What to do: Please print the entries below exactly, from the line with "move=> sub Ln_sub; split=> // w; split." through the line with "else if j == n :> nat then", including both of those lines and leaving out all others.

- - - -

(* For every linear-time property $\varphi$ over a finite alphabet $\Sigma$ and every bound $n \in \mathbb{N}$, there is a deterministic safety automaton $\mathcal{A}$ with $O(|\Sigma|^n \cdot 2^{n \log n})$ states such that $L(\mathcal{A})$ is an $n$-lasso-precise underapproximation of $\varphi$, i.e., $L(\mathcal{A}) \subseteq \varphi$ and $L_n(L(\mathcal{A})) = L_n(\varphi)$.
   Context: A linear-time property over $\Sigma$ is a set $\varphi \subseteq \Sigma^\omega$. A lasso of length $n$ is a pair $(u,v)$ with $u\in\Sigma^*$, $v\in\Sigma^+$, $|u\cdot v|=n$, inducing the word $u\cdot v^\omega$. For a property $\psi$, $L_n(\psi)=\{u\cdot v^\omega \in \psi \mid u\in\Sigma^*, v\in\Sigma^+, |u\cdot v|=n\}$. A property $\varphi'$ is an $n$-lasso-precise underapproximation of $\varphi$ if $\varphi'\subseteq\varphi$ and $L_n(\varphi')=L_n(\varphi)$. A nondeterministic parity automaton over $\Sigma$ is $\mathcal{A}=(Q,Q_0,\delta,\mu)$ with finite state set $Q$, initial states $Q_0\subseteq Q$, transition function $\delta: Q\times\Sigma\to\mathcal{P}(Q)$, and coloring $\mu: Q\to C$ for a finite $C\subset\mathbb{N}$. A run on $\alpha_1\alpha_2\cdots$ is a sequence $q_0q_1\cdots$ with $q_0\in Q_0$ and $q_{i+1}\in\delta(q_i,\alpha_{i+1})$; it is accepting if the highest color occurring infinitely often in $\mu(q_0)\mu(q_1)\cdots$ is even; $L(\mathcal{A})$ is the set of words with an accepting run. The automaton is deterministic if $|Q_0|=1$ and $|\delta(q,\alpha)|\le 1$ for all $q,\alpha$ (missing successors allowed). A safety automaton is one where all states have color $0$, so every infinite run is accepting. The size of an automaton is its number of states. *)

From mathcomp Require Import all_boot.
Set Implicit Arguments. Unset Strict Implicit. Unset Printing Implicit Defensive.

(* Infinite words over Sigma: positions 0,1,2,...  (w 0 is the paper's alpha_1). *)
Definition word (Sigma : Type) := nat -> Sigma.

Definition property (Sigma : Type) := word Sigma -> Prop.

(* The word u . v^omega, where v = a :: v' is nonempty. *)
Definition lasso_word (Sigma : Type) (u : seq Sigma) (a : Sigma) (v' : seq Sigma)
  : word Sigma :=
  fun i => if i < size u then nth a u i
           else nth a (a :: v') ((i - size u) %% size (a :: v')).

Definition Ln (Sigma : Type) (n : nat) (psi : property Sigma) : property Sigma :=
  fun w => psi w /\ exists (u : seq Sigma) (a : Sigma) (v' : seq Sigma),
      size u + size (a :: v') = n /\ w = lasso_word u a v'.

Definition lasso_precise_under (Sigma : Type) (n : nat) (phi' phi : property Sigma) : Prop :=
  (forall w, phi' w -> phi w) /\ (forall w, Ln n phi' w <-> Ln n phi w).

Record NPA (Sigma : finType) := {
  state : finType;
  init : {set state};
  delta : state -> Sigma -> {set state};
  color : state -> nat
}.
Arguments state {Sigma} _.
Arguments init {Sigma} _.
Arguments delta {Sigma} _ _ _.
Arguments color {Sigma} _ _.

Definition size_aut (Sigma : finType) (A : NPA Sigma) : nat := #|state A|.

Definition is_run (Sigma : finType) (A : NPA Sigma) (w : word Sigma) (r : nat -> state A) : Prop :=
  r 0 \in init A /\ forall i, r i.+1 \in delta A (r i) (w i).

Definition inf_often (Sigma : finType) (A : NPA Sigma) (r : nat -> state A) (c : nat) : Prop :=
  forall N, exists i, N <= i /\ color A (r i) = c.

Definition accepting_run (Sigma : finType) (A : NPA Sigma) (r : nat -> state A) : Prop :=
  exists c, @inf_often Sigma A r c /\ ~~ odd c /\ (forall c', @inf_often Sigma A r c' -> c' <= c).

Definition lang (Sigma : finType) (A : NPA Sigma) : property Sigma :=
  fun w => exists r, @is_run Sigma A w r /\ @accepting_run Sigma A r.

Definition deterministic (Sigma : finType) (A : NPA Sigma) : Prop :=
  #|init A| = 1 /\ forall q a, #|delta A q a| <= 1.

Definition safety (Sigma : finType) (A : NPA Sigma) : Prop :=
  forall q, color A q = 0.

From mathcomp Require Import all_boot boolp zify.

Set Implicit Arguments. Unset Strict Implicit. Unset Printing Implicit Defensive.

(* If phi contains no lasso of length n, an automaton without transitions will do.
   Otherwise write n = n'+1: a lasso of length n is determined by its first n letters and
   its loop start k < n. The automaton keeps the last n letters read and the set of loop
   starts still consistent with the input: after n letters, those whose lasso lies in phi;
   afterwards, those for which each new letter repeats the letter n-k positions back. The
   run dies when no candidate is left. If it survives forever, the candidate sets form a
   decreasing chain of nonempty subsets of a finite set, so some k survives forever and the
   input is its lasso, which lies in phi. Conversely the loop start of a lasso in phi is
   never discarded. The states number (n+1) |Sigma|^n 2^n <= 4 |Sigma|^n n^n. *)

Lemma exists_forall_antitone (T : finType) (P : T -> nat -> Prop) :
  (forall t m m', m <= m' -> P t m' -> P t m) ->
  (forall m, exists t, P t m) -> exists t, forall m, P t m.
Proof.
move=> antiP allP; apply: contrapT => /forallNP noneP.
have /choice [bad badP] t : exists m, ~ P t m by apply/existsNP/noneP.
have [t Pt] := allP (\max_t bad t).
by apply: (badP t); apply: antiP Pt; apply: leq_bigmax.
Qed.

Lemma Sn_mul_exp2_leq N : 0 < N -> N.+1 * 2 ^ N <= 4 * N ^ N.
Proof.
case: N => // N _; elim: N => [|[|N] IH] //.
have le_pow : N.+2 ^ N.+2 <= N.+3 ^ N.+2 by rewrite leq_exp2r.
move: IH le_pow; rewrite (expnS 2 N.+2) (expnS N.+3 N.+2).
move: (2 ^ N.+2) (N.+2 ^ N.+2) (N.+3 ^ N.+2) => X Y Z; nia.
Qed.

Lemma safety_accepting (S : finType) (A : NPA S) (r : nat -> state A) :
  safety A -> accepting_run r.
Proof.
move=> col0; exists 0; split; first by move=> N; exists N.
by split=> // c /(_ 0) [i [_ <-]]; rewrite col0.
Qed.

Lemma lasso_precise_under_of_sub (S : Type) n (phi' phi : property S) :
  (forall w, phi' w -> phi w) -> (forall w, Ln n phi w -> phi' w) ->
  lasso_precise_under n phi' phi.
Proof.
move=> sub Ln_sub; split=> // w; split.
  by case=> /sub.
by move=> Lw; split; [exact: Ln_sub | case: Lw].
Qed.

Section LassoUnroll.

Variables (S : Type) (n : nat).

(* The lasso word with stem [f 0 .. f (k-1)] and loop [f k .. f n]. *)
Definition lasso_unroll (f : nat -> S) (k : nat) : word S :=
  fun i => if i < k then f i else f (k + (i - k) %% (n.+1 - k)).

Lemma lasso_unroll_ext f g k : k < n.+1 ->
  (forall j, j < n.+1 -> f j = g j) -> lasso_unroll f k = lasso_unroll g k.
Proof.
move=> lt_k eq_fg; apply: funext => i; rewrite /lasso_unroll.
case: ifP => lt_i; first by apply: eq_fg; lia.
apply: eq_fg; have : (i - k) %% (n.+1 - k) < n.+1 - k by apply: ltn_pmod; lia.
lia.
Qed.

Lemma lasso_unroll_prefix f k i : k < n.+1 -> i < n.+1 -> lasso_unroll f k i = f i.
Proof.
move=> lt_k lt_i; rewrite /lasso_unroll; case: ifP => // ge_i.
by rewrite modn_small; [congr f | ]; lia.
Qed.

Lemma lasso_unroll_periodic f k m : k < n.+1 -> n.+1 <= m ->
  lasso_unroll f k m = lasso_unroll f k (m + k - n.+1).
Proof.
move=> lt_k le_m; rewrite /lasso_unroll !ifF; try lia.
have -> : m - k = (m + k - n.+1 - k) + (n.+1 - k) by lia.
by rewrite modnDr.
Qed.

Lemma lasso_unroll_lasso_word u a v' : size u + size (a :: v') = n.+1 ->
  lasso_unroll (lasso_word u a v') (size u) = lasso_word u a v'.
Proof.
move=> size_uv; apply: funext => i; rewrite /lasso_unroll.
case: ifP => // lt_i.
have -> : n.+1 - size u = size (a :: v') by lia.
by rewrite /lasso_word lt_i ifF ?addKn ?modn_mod //; lia.
Qed.

End LassoUnroll.

Section LassoAutomaton.

Variables (S : finType) (n : nat) (phi : property S) (d : S).

Definition lstate := ('I_n.+2 * {ffun 'I_n.+1 -> S} * {set 'I_n.+1})%type.

Definition push (h : {ffun 'I_n.+1 -> S}) (a : S) : {ffun 'I_n.+1 -> S} :=
  [ffun i : 'I_n.+1 => if i < n then h (inord i.+1) else a].

(* [h k] is the letter n+1-k positions back, which the loop at [k] says must recur. *)
Definition step_loops (q : lstate) (a : S) : {set 'I_n.+1} :=
  let: (j, h, K) := q in
  if j < n then K
  else if j == n :> nat then
    [set k : 'I_n.+1 | `[< phi (lasso_unroll n (fun i => push h a (inord i)) k) >]]
  else [set k in K | h k == a].

Definition step_state (q : lstate) (a : S) : lstate :=
  let: (j, h, _) := q in (inord (minn j.+1 n.+1), push h a, step_loops q a).

Definition lasso_delta (q : lstate) (a : S) : {set lstate} :=
  if step_loops q a == set0 then set0 else [set step_state q a].

Definition lasso_aut : NPA S :=
  {| state := lstate;
     init := [set (ord0, [ffun=> d], setT)];
     delta := lasso_delta;
     color := fun=> 0 |}.

Lemma lasso_aut_deterministic : deterministic lasso_aut.
Proof.
split=> [|q a]; first by rewrite cards1.
by rewrite /= /lasso_delta; case: ifP; rewrite ?cards0 ?cards1.
Qed.

Lemma card_lasso_aut : size_aut lasso_aut = n.+2 * (#|S| ^ n.+1 * 2 ^ n.+1).
Proof.
have card_loops : #|{set 'I_n.+1}| = 2 ^ n.+1.
  by rewrite -cardsT -powersetT card_powerset cardsT card_ord.
by rewrite /size_aut /= !card_prod !card_ord card_ffun card_ord card_loops mulnA.
Qed.

Definition window (w : word S) (m : nat) : {ffun 'I_n.+1 -> S} :=
  [ffun i : 'I_n.+1 => if n.+1 <= m + i then w (m + i - n.+1) else d].

Definition consistent_loop (w : word S) (k m : nat) : Prop :=
  phi (lasso_unroll n w k) /\ forall i, i < m -> w i = lasso_unroll n w k i.

Definition consistent_loops (w : word S) (m : nat) : {set 'I_n.+1} :=
  if m < n.+1 then setT else [set k : 'I_n.+1 | `[< consistent_loop w k m >]].

Definition lasso_state (w : word S) (m : nat) : lstate :=
  (inord (minn m n.+1), window w m, consistent_loops w m).

Lemma push_window w m : push (window w m) (w m) = window w m.+1.
Proof.
apply/ffunP => i; rewrite !ffunE; case: ifP => lt_i.
  by rewrite inordK ?addnS ?addSn //; lia.
have -> : nat_of_ord i = n by have := ltn_ord i; lia.
by rewrite ifT; [congr w | ]; lia.
Qed.

Lemma window_full w j : j < n.+1 -> window w n.+1 (inord j) = w j.
Proof. by move=> lt_j; rewrite ffunE inordK // ifT; [congr w | ]; lia. Qed.

Lemma consistent_loop_le w k m m' :
  m <= m' -> consistent_loop w k m' -> consistent_loop w k m.
Proof. by move=> le_m [phi_k agree]; split=> // i lt_i; apply: agree; lia. Qed.

Lemma consistent_loopS w k m : k < n.+1 -> n.+1 <= m ->
  consistent_loop w k m.+1 <-> consistent_loop w k m /\ w (m + k - n.+1) = w m.
Proof.
move=> lt_k le_m; split.
  move=> cons; split; first exact: consistent_loop_le cons.
  case: cons => _ agree.
  by rewrite (agree m) // (agree (m + k - n.+1)) -?lasso_unroll_periodic //; lia.
move=> [[phi_k agree] recur]; split=> // i lt_i.
case: (ltnP i m) => [|ge_i]; first exact: agree.
have -> : i = m by lia.
by rewrite lasso_unroll_periodic // -recur agree //; lia.
Qed.

Lemma consistent_loops_stem w m : m < n.+1 -> consistent_loops w m != set0.
Proof. by move=> lt_m; rewrite /consistent_loops lt_m; apply/set0Pn; exists ord0. Qed.

Lemma step_loops_state w m :
  step_loops (lasso_state w m) (w m) = consistent_loops w m.+1.
Proof.
rewrite /= inordK; last by lia.
case: (ltngtP m n) => [lt_mn|gt_mn|->].
- by rewrite /consistent_loops ifT ?ifT //; lia.
- rewrite /consistent_loops !ifF; try lia.
  apply/setP => k; rewrite !inE ffunE ifT; last by lia.
  apply/andP/asboolP => [[/asboolP cons /eqP recur]|/consistent_loopS [] //].
    exact/consistent_loopS.
  by move=> cons recur; split; [exact/asboolP | exact/eqP].
- rewrite (minn_idPl (leqnSn n)) eqxx ltnn push_window /consistent_loops ltnn.
  apply/setP => k; rewrite !inE.
  rewrite (@lasso_unroll_ext _ n _ w) //; last exact: window_full.
  apply: asbool_equiv_eq; split=> [phi_k|[] //].
  by split=> // i lt_i; rewrite lasso_unroll_prefix.
Qed.

Lemma lasso_delta_state w m :
  lasso_delta (lasso_state w m) (w m) =
  if consistent_loops w m.+1 == set0 then set0 else [set lasso_state w m.+1].
Proof.
rewrite /lasso_delta step_loops_state; case: ifP => // _.
rewrite /step_state /lasso_state step_loops_state push_window; congr [set (_, _, _)].
by apply: val_inj; rewrite /= !inordK; lia.
Qed.

Lemma lasso_state0 w : lasso_state w 0 = (ord0, [ffun=> d], setT).
Proof.
congr (_, _, _); first by apply: val_inj; rewrite /= inordK.
by apply/ffunP => i; rewrite !ffunE ifF //; have := ltn_ord i; lia.
Qed.

Lemma lang_lasso_autP w :
  lang lasso_aut w <-> forall m, consistent_loops w m != set0.
Proof.
split.
  case=> r [[r0 rS] _].
  suff run_state m : r m = lasso_state w m /\ consistent_loops w m != set0.
    by move=> m; case: (run_state m).
  elim: m => [|m [rm _]].
    by split; [move: r0; rewrite inE lasso_state0 => /eqP | exact: consistent_loops_stem].
  move: (rS m); rewrite rm /= lasso_delta_state.
  by case: ifP => [_|/negbT alive]; rewrite inE // => /eqP ->.
move=> alive; exists (lasso_state w); split; last exact: safety_accepting.
split=> [|i]; first by rewrite /= lasso_state0 inE.
by rewrite /= lasso_delta_state (negbTE (alive i.+1)) inE.
Qed.

Lemma phi_of_consistent_loops w : (forall m, consistent_loops w m != set0) -> phi w.
Proof.
move=> alive.
have [k cons] : exists k : 'I_n.+1, forall m, consistent_loop w k m.
  apply: exists_forall_antitone => [k m m'|m]; first exact: consistent_loop_le.
  have /set0Pn [k] := alive (maxn m n.+1).
  rewrite /consistent_loops ifF ?inE; last by lia.
  by move=> /asboolP cons; exists k; apply: consistent_loop_le cons; lia.
have -> : w = lasso_unroll n w k; last by case: (cons 0).
by apply: funext => i; case: (cons i.+1) => _; apply.
Qed.

Lemma Ln_consistent_loops w : Ln n.+1 phi w -> forall m, consistent_loops w m != set0.
Proof.
move=> [phi_w [u [a [v' [size_uv w_lasso]]]]] m; subst w.
have lt_u : size u < n.+1 by move: size_uv => /=; lia.
case: (ltnP m n.+1) => [|ge_m]; first exact: consistent_loops_stem.
rewrite /consistent_loops ifF; last by lia.
apply/set0Pn; exists (inord (size u)); rewrite inE inordK //; apply/asboolP.
by rewrite /consistent_loop lasso_unroll_lasso_word.
Qed.

Lemma lasso_aut_precise : lasso_precise_under n.+1 (lang lasso_aut) phi.
Proof.
apply: lasso_precise_under_of_sub => w.
  by move/lang_lasso_autP; apply: phi_of_consistent_loops.
by move/Ln_consistent_loops/lang_lasso_autP.
Qed.

Lemma lasso_aut_size : size_aut lasso_aut <= 4 * (#|S| ^ n.+1 * n.+1 ^ n.+1) + 4.
Proof.
rewrite card_lasso_aut; have := Sn_mul_exp2_leq (ltn0Sn n).
by move: (#|S| ^ n.+1) (2 ^ n.+1) (n.+1 ^ n.+1) => s X P; nia.
Qed.

End LassoAutomaton.

Definition empty_aut (S : finType) : NPA S :=
  {| state := unit; init := setT; delta := fun _ _ => set0; color := fun=> 0 |}.

Lemma empty_aut_deterministic (S : finType) : deterministic (empty_aut S).
Proof. by split=> [|q a]; rewrite ?cardsT ?card_unit ?cards0. Qed.

Lemma lang_empty_aut (S : finType) (w : word S) : ~ lang (empty_aut S) w.
Proof. by case=> r [[_ /(_ 0)]]; rewrite inE. Qed.

Theorem theorem1 :
  exists c : nat,
    forall (Sigma : finType) (phi : property Sigma) (n : nat),
      exists A : NPA Sigma,
        deterministic A /\ safety A /\
        size_aut A <= c * (#|Sigma| ^ n * n ^ n) + c /\
        lasso_precise_under n (lang A) phi.
Proof.
exists 4 => S phi n.
have [Ln_empty|/existsNP [w /contrapT Lw]] := pselect (forall w, ~ Ln n phi w).
  exists (empty_aut S); split; first exact: empty_aut_deterministic.
  split=> //; split; first by rewrite /size_aut card_unit; lia.
  by apply: lasso_precise_under_of_sub => w; [move/lang_empty_aut | move/Ln_empty].
case: Lw => _ [u [d [v' [<- _]]]].
have -> : size u + size (d :: v') = (size u + size v').+1 by rewrite addnS.
exists (lasso_aut (size u + size v') phi d).
split; first exact: lasso_aut_deterministic.
by split=> //; split; [exact: lasso_aut_size | exact: lasso_aut_precise].
Qed.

- - - -

Response to the exercise:
move=> sub Ln_sub; split=> // w; split.
  by case=> /sub.
by move=> Lw; split; [exact: Ln_sub | case: Lw].
Qed.

Section LassoUnroll.

Variables (S : Type) (n : nat).

(* The lasso word with stem [f 0 .. f (k-1)] and loop [f k .. f n]. *)
Definition lasso_unroll (f : nat -> S) (k : nat) : word S :=
  fun i => if i < k then f i else f (k + (i - k) %% (n.+1 - k)).

Lemma lasso_unroll_ext f g k : k < n.+1 ->
  (forall j, j < n.+1 -> f j = g j) -> lasso_unroll f k = lasso_unroll g k.
Proof.
move=> lt_k eq_fg; apply: funext => i; rewrite /lasso_unroll.
case: ifP => lt_i; first by apply: eq_fg; lia.
apply: eq_fg; have : (i - k) %% (n.+1 - k) < n.+1 - k by apply: ltn_pmod; lia.
lia.
Qed.

Lemma lasso_unroll_prefix f k i : k < n.+1 -> i < n.+1 -> lasso_unroll f k i = f i.
Proof.
move=> lt_k lt_i; rewrite /lasso_unroll; case: ifP => // ge_i.
by rewrite modn_small; [congr f | ]; lia.
Qed.

Lemma lasso_unroll_periodic f k m : k < n.+1 -> n.+1 <= m ->
  lasso_unroll f k m = lasso_unroll f k (m + k - n.+1).
Proof.
move=> lt_k le_m; rewrite /lasso_unroll !ifF; try lia.
have -> : m - k = (m + k - n.+1 - k) + (n.+1 - k) by lia.
by rewrite modnDr.
Qed.

Lemma lasso_unroll_lasso_word u a v' : size u + size (a :: v') = n.+1 ->
  lasso_unroll (lasso_word u a v') (size u) = lasso_word u a v'.
Proof.
move=> size_uv; apply: funext => i; rewrite /lasso_unroll.
case: ifP => // lt_i.
have -> : n.+1 - size u = size (a :: v') by lia.
by rewrite /lasso_word lt_i ifF ?addKn ?modn_mod //; lia.
Qed.

End LassoUnroll.

Section LassoAutomaton.

Variables (S : finType) (n : nat) (phi : property S) (d : S).

Definition lstate := ('I_n.+2 * {ffun 'I_n.+1 -> S} * {set 'I_n.+1})%type.

Definition push (h : {ffun 'I_n.+1 -> S}) (a : S) : {ffun 'I_n.+1 -> S} :=
  [ffun i : 'I_n.+1 => if i < n then h (inord i.+1) else a].

(* [h k] is the letter n+1-k positions back, which the loop at [k] says must recur. *)
Definition step_loops (q : lstate) (a : S) : {set 'I_n.+1} :=
  let: (j, h, K) := q in
  if j < n then K
  else if j == n :> nat then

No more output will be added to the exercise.